--- START ---

(* Let $\gamma$ denote the Euler–Mascheroni constant, $\gamma=\lim_{n\to\infty}\left(\sum_{m=1}^{n}\frac1m-\ln n\right)$. Define the rational numbers $a_1=\frac12$, $a_2=\frac16$, $a_4=\frac35$, $a_6=\frac{79}{126}$, $a_8=\frac{7230}{6241}$, $a_{10}=\frac{4146631}{3833346}$, $a_{12}=\frac{306232774533}{179081182865}$, and $a_{2k+1}=-a_{2k}$ for $1\le k\le 6$ (so $a_3=-\frac16$, $a_5=-\frac35$, \dots, $a_{13}=-\frac{306232774533}{179081182865}$). For a positive integer $n$ define $R_1(n)=\frac{a_1}{n}$ and, for $2\le k\le 13$, the finite continued fraction $$R_k(n)=\cfrac{a_1}{n+\cfrac{a_2 n}{n+\cfrac{a_3 n}{n+\cfrac{\ddots}{n+\cfrac{a_{k-1}n}{n+a_k}}}}},$$ i.e. $R_k(n)=a_1/T_2$ where $T_k=n+a_k$ and $T_j=n+\frac{a_j n}{T_{j+1}}$ for $2\le j\le k-1$. Let $$r_k(n)=\sum_{m=1}^{n}\frac1m-\ln n-R_k(n).$$ Then for every $1\le k\le 13$, $$\lim_{n\to\infty} n^{k+1}\bigl(r_k(n)-\gamma\bigr)=C_k,$$ where $(C_1,\dots,C_{13})=\Bigl(-\frac{1}{12},-\frac{1}{72},\frac{1}{120},\frac{1}{200},-\frac{79}{25200},-\frac{6241}{3175200},\frac{241}{105840},\frac{58081}{22018248},-\frac{262445}{91974960},-\frac{2755095121}{892586949408},\frac{20169451}{3821257440},\frac{406806753641401}{45071152103463200},-\frac{71521421431}{5152068292800}\Bigr)$.
   Context: $\gamma$ is the Euler–Mascheroni constant. The continued fraction $R_k(n)$ terminates with the denominator $n+a_k$ (not $n+a_kn/\cdots$); for example $R_2(n)=\frac{a_1}{n+a_2}=\frac{3}{6n+1}$ and $R_3(n)=\frac{1}{2n}-\frac{1}{12n^2}$. *)

From Stdlib Require Import Reals.
From Coquelicot Require Import Coquelicot.
Open Scope R_scope.

Fixpoint harmonic (n : nat) : R :=
  match n with
  | O => 0
  | S p => harmonic p + / INR (S p)
  end.

Definition acoef (j : nat) : R :=
  match j with
  | 1%nat => 1/2
  | 2%nat => 1/6
  | 3%nat => - (1/6)
  | 4%nat => 3/5
  | 5%nat => - (3/5)
  | 6%nat => 79/126
  | 7%nat => - (79/126)
  | 8%nat => 7230/6241
  | 9%nat => - (7230/6241)
  | 10%nat => 4146631/3833346
  | 11%nat => - (4146631/3833346)
  | 12%nat => 306232774533/179081182865
  | 13%nat => - (306232774533/179081182865)
  | _ => 0
  end.

(* cf_tail x m j = T_j for the continued fraction ending at index k = j + m:
   T_k = x + a_k,  T_j = x + a_j x / T_{j+1}. *)
Fixpoint cf_tail (x : R) (m j : nat) : R :=
  match m with
  | O => x + acoef j
  | S m' => x + acoef j * x / cf_tail x m' (S j)
  end.

Definition Rk (k n : nat) : R :=
  match k with
  | O => 0
  | 1%nat => acoef 1 / INR n
  | S (S k') => acoef 1 / cf_tail (INR n) k' 2
  end.

Definition rk (k n : nat) : R := harmonic n - ln (INR n) - Rk k n.

Definition Ccoef (k : nat) : R :=
  match k with
  | 1%nat => - (1/12)
  | 2%nat => - (1/72)
  | 3%nat => 1/120
  | 4%nat => 1/200
  | 5%nat => - (79/25200)
  | 6%nat => - (6241/3175200)
  | 7%nat => 241/105840
  | 8%nat => 58081/22018248
  | 9%nat => - (262445/91974960)
  | 10%nat => - (2755095121/892586949408)
  | 11%nat => 20169451/3821257440
  | 12%nat => 406806753641401/45071152103463200
  | 13%nat => - (71521421431/5152068292800)
  | _ => 0
  end.

(* Put x = 1/n and let S(x) = x/2 - sum_{i=1}^{7} B_(2i) x^(2i) / (2i) be the truncated
   Euler-Maclaurin expansion of H_n - ln n - gamma.

   The error e_n = H_n - ln n - gamma - S(1/n) tends to 0, and e_n - e_(n+1) = O(n^-16):
   since 1/(n+1) = x/(1+x), this increment is ln(1+x) - x/(1+x) - S(x) + S(x/(1+x)), and a
   polynomial identity shows that the degree-16 Taylor polynomial of ln(1+x) absorbs all of it
   up to order x^16.  Summing the increments over the tail gives e_n = O(n^-15).

   On the other side, R_k(n) = a_1 x Q_k(x) / P_k(x) for the continuants P_k, Q_k of the
   continued fraction, and P_k stays bounded away from 0 for small x.  The exact identity
   S P_k - a_1 x Q_k = x^(k+1) (C_k P_k + x M_k) over the rationals, checked by computation,
   gives n^(k+1) (S(1/n) - R_k(n)) = C_k + O(1/n).  As k + 1 <= 14, both estimates combine. *)

From Stdlib Require Import Reals Lra Lia List QArith Qreals.
From Coquelicot Require Import Coquelicot.
Import ListNotations.
Open Scope R_scope.

(** * Polynomials with rational coefficients *)

(* Coefficient lists, lowest degree first, evaluated at a real point; the rational arithmetic
   lets the polynomial identities below be checked by [vm_compute]. *)
Fixpoint qhorner (p : list Q) (x : R) : R :=
  match p with
  | nil => 0
  | c :: p' => Q2R c + x * qhorner p' x
  end.

Fixpoint qpoly_add (p q : list Q) : list Q :=
  match p, q with
  | nil, _ => q
  | _, nil => p
  | a :: p', b :: q' => Qplus' a b :: qpoly_add p' q'
  end.

Definition qpoly_scale (c : Q) (p : list Q) : list Q := map (Qmult' c) p.

Fixpoint qpoly_mul (p q : list Q) : list Q :=
  match p with
  | nil => nil
  | a :: p' => qpoly_add (qpoly_scale a q) (0%Q :: qpoly_mul p' q)
  end.

Definition qpoly_shift (n : nat) (p : list Q) : list Q := repeat 0%Q n ++ p.

Definition qpoly_is_zero (p : list Q) : bool := forallb (fun c => Qeq_bool c 0) p.

Fixpoint qpoly_norm1 (p : list Q) : R :=
  match p with
  | nil => 0
  | c :: p' => Rabs (Q2R c) + qpoly_norm1 p'
  end.

Lemma Q2R_0 : Q2R 0 = 0.
Proof. unfold Q2R; simpl; field. Qed.

Lemma Q2R_1 : Q2R 1 = 1.
Proof. unfold Q2R; simpl; field. Qed.

Lemma Q2R_opp1 : Q2R (-1) = -1.
Proof. unfold Q2R; simpl; field. Qed.

Lemma qhorner_add p q x : qhorner (qpoly_add p q) x = qhorner p x + qhorner q x.
Proof.
  revert q; induction p as [|a p IH]; intros [|b q]; cbn [qpoly_add qhorner]; try ring.
  rewrite IH, (Qeq_eqR _ _ (Qplus'_correct a b)), Q2R_plus; ring.
Qed.

Lemma qhorner_scale c p x : qhorner (qpoly_scale c p) x = Q2R c * qhorner p x.
Proof.
  unfold qpoly_scale; induction p as [|a p IH]; cbn [map qhorner]; [ring|].
  rewrite IH, (Qeq_eqR _ _ (Qmult'_correct c a)), Q2R_mult; ring.
Qed.

Lemma qhorner_mul p q x : qhorner (qpoly_mul p q) x = qhorner p x * qhorner q x.
Proof.
  induction p as [|a p IH]; cbn [qpoly_mul qhorner]; [ring|].
  rewrite qhorner_add, qhorner_scale; cbn [qhorner]; rewrite IH, Q2R_0; ring.
Qed.

Lemma qhorner_shift n p x : qhorner (qpoly_shift n p) x = x ^ n * qhorner p x.
Proof.
  unfold qpoly_shift; induction n as [|n IH]; cbn [repeat app qhorner pow]; [ring|].
  rewrite IH, Q2R_0; ring.
Qed.

Lemma qhorner_divisible n p x :
  qpoly_is_zero (firstn n p) = true -> qhorner p x = x ^ n * qhorner (skipn n p) x.
Proof.
  revert p; induction n as [|n IH]; intros [|c p] Hz; cbn [firstn skipn qhorner pow] in *;
    try ring.
  apply andb_prop in Hz as [Hc Hz].
  rewrite (Qeq_eqR _ _ (Qeq_bool_eq _ _ Hc)), Q2R_0, (IH p Hz); ring.
Qed.

Lemma qhorner_bound p x : 0 <= x <= 1 -> Rabs (qhorner p x) <= qpoly_norm1 p.
Proof.
  intros Hx; induction p as [|c p IH]; cbn [qhorner qpoly_norm1].
  - rewrite Rabs_R0; lra.
  - eapply Rle_trans; [apply Rabs_triang|].
    rewrite Rabs_mult, (Rabs_pos_eq x) by lra.
    pose proof (Rabs_pos (qhorner p x)); nra.
Qed.

Lemma inv_INR_bounds n : (1 <= n)%nat -> 0 < / INR n <= 1.
Proof.
  intros Hn; assert (Hy : 1 <= INR n) by (apply (le_INR 1); lia).
  split; [apply Rinv_0_lt_compat | rewrite <- Rinv_1; apply Rinv_le_contravar]; lra.
Qed.

Lemma is_lim_seq_of_inv_bound (u : nat -> R) (l B : R) (N0 : nat) :
  (forall n, (N0 <= n)%nat -> Rabs (u n - l) <= B / INR n) -> is_lim_seq u l.
Proof.
  intros Hu.
  assert (HB : is_lim_seq (fun n => B / INR n) 0).
  { replace (Finite 0) with (Rbar_mult B (Rbar_inv p_infty)) by (simpl; f_equal; ring).
    apply is_lim_seq_scal_l, is_lim_seq_inv; [exact is_lim_seq_INR | discriminate]. }
  apply is_lim_seq_le_le_loc with (fun n => l - B / INR n) (fun n => l + B / INR n).
  - exists N0; intros n Hn; apply Rabs_le_between'; exact (Hu n Hn).
  - replace (Finite l) with (Rbar_minus l 0) by (simpl; f_equal; ring).
    apply is_lim_seq_minus'; [apply is_lim_seq_const | exact HB].
  - replace (Finite l) with (Rbar_plus l 0) by (simpl; f_equal; ring).
    apply is_lim_seq_plus'; [apply is_lim_seq_const | exact HB].
Qed.

Lemma inv_pow_le_telescope (p : nat) (a m : R) : 1 <= a <= m ->
  / m ^ (p + 2) <= 2 / a ^ p * (/ m - / (m + 1)).
Proof.
  intros Ham.
  assert (Hap : a ^ p <= m ^ p) by (apply pow_incr; lra).
  assert (Ha0 : 0 < a ^ p) by (apply pow_lt; lra).
  replace (2 / a ^ p * (/ m - / (m + 1))) with (/ (a ^ p * (m * (m + 1) / 2)))
    by (field; lra).
  rewrite pow_add; cbn [pow].
  apply Rinv_le_contravar; [apply Rmult_lt_0_compat; nra|].
  apply Rmult_le_compat; nra.
Qed.

(* Sum the increments from n on and compare with the telescoping sum of 1/m - 1/(m+1). *)
Lemma Rabs_le_of_increments (u : nat -> R) (K : R) (p : nat) :
  is_lim_seq u 0 ->
  (forall n, (1 <= n)%nat -> Rabs (u n - u (S n)) <= K / INR n ^ (p + 2)) ->
  forall n, (1 <= n)%nat -> Rabs (u n) <= 2 * K / INR n ^ (p + 1).
Proof.
  intros Hu Hinc n Hn.
  assert (INR_ge1 : forall m, (1 <= m)%nat -> 1 <= INR m)
    by (intros m Hm; apply (le_INR 1); lia).
  assert (HK : 0 <= K).
  { pose proof (Hinc 1%nat (le_n 1)) as H1; cbn [INR] in H1; rewrite pow1, Rdiv_1_r in H1.
    pose proof (Rabs_pos (u 1%nat - u 2%nat)); lra. }
  pose proof (INR_ge1 n Hn) as Hy.
  assert (Hpow : 0 < INR n ^ p) by (apply pow_lt; lra).
  assert (Hpartial : forall N,
    Rabs (u n - u (n + N)%nat) <= 2 * K / INR n ^ p * (/ INR n - / INR (n + N))).
  { induction N as [|N IH].
    - rewrite Nat.add_0_r, !Rminus_diag, Rabs_R0, Rmult_0_r; lra.
    - rewrite Nat.add_succ_r.
      pose proof (Hinc (n + N)%nat ltac:(lia)).
      assert (Hm : INR n <= INR (n + N)) by (apply le_INR; lia).
      pose proof (inv_pow_le_telescope p (INR n) (INR (n + N)) ltac:(lra)).
      replace (u n - u (S (n + N)))
        with ((u n - u (n + N)%nat) + (u (n + N)%nat - u (S (n + N)))) by ring.
      eapply Rle_trans; [apply Rabs_triang|].
      rewrite S_INR.
      assert (K / INR (n + N) ^ (p + 2)
              <= K * (2 / INR n ^ p * (/ INR (n + N) - / (INR (n + N) + 1))))
        by (unfold Rdiv at 1; apply Rmult_le_compat_l; lra).
      replace (2 * K / INR n ^ p * (/ INR n - / (INR (n + N) + 1))) with
        (2 * K / INR n ^ p * (/ INR n - / INR (n + N))
         + K * (2 / INR n ^ p * (/ INR (n + N) - / (INR (n + N) + 1))))
        by (field; repeat split; lra).
      lra. }
  assert (Hlim : is_lim_seq (fun N => Rabs (u n - u (N + n)%nat)) (Rabs (u n - 0))).
  { apply (is_lim_seq_abs _ (Finite (u n - 0))).
    apply is_lim_seq_minus'; [apply is_lim_seq_const|].
    exact (proj1 (is_lim_seq_incr_n u n 0) Hu). }
  assert (Hbound : forall N, Rabs (u n - u (N + n)%nat) <= 2 * K / INR n ^ (p + 1)).
  { intros N; rewrite Nat.add_comm; eapply Rle_trans; [apply Hpartial|].
    pose proof (inv_INR_bounds (n + N) ltac:(lia)).
    replace (2 * K / INR n ^ (p + 1)) with (2 * K / INR n ^ p * / INR n)
      by (rewrite pow_add; field; lra).
    apply Rmult_le_compat_l; [|lra].
    apply Rmult_le_pos; [lra | left; apply Rinv_0_lt_compat; lra]. }
  pose proof (is_lim_seq_le _ _ _ _ Hbound Hlim (is_lim_seq_const _)) as H.
  simpl in H; rewrite Rminus_0_r in H; exact H.
Qed.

--- END ---

[WHAT THE TASK REQUIRES] From the listing above, copy every line where the string "Hlim" is found.

[PROBLEM SOLUTION]
  assert (Hlim : is_lim_seq (fun N => Rabs (u n - u (N + n)%nat)) (Rabs (u n - 0))).
  pose proof (is_lim_seq_le _ _ _ _ Hbound Hlim (is_lim_seq_const _)) as H.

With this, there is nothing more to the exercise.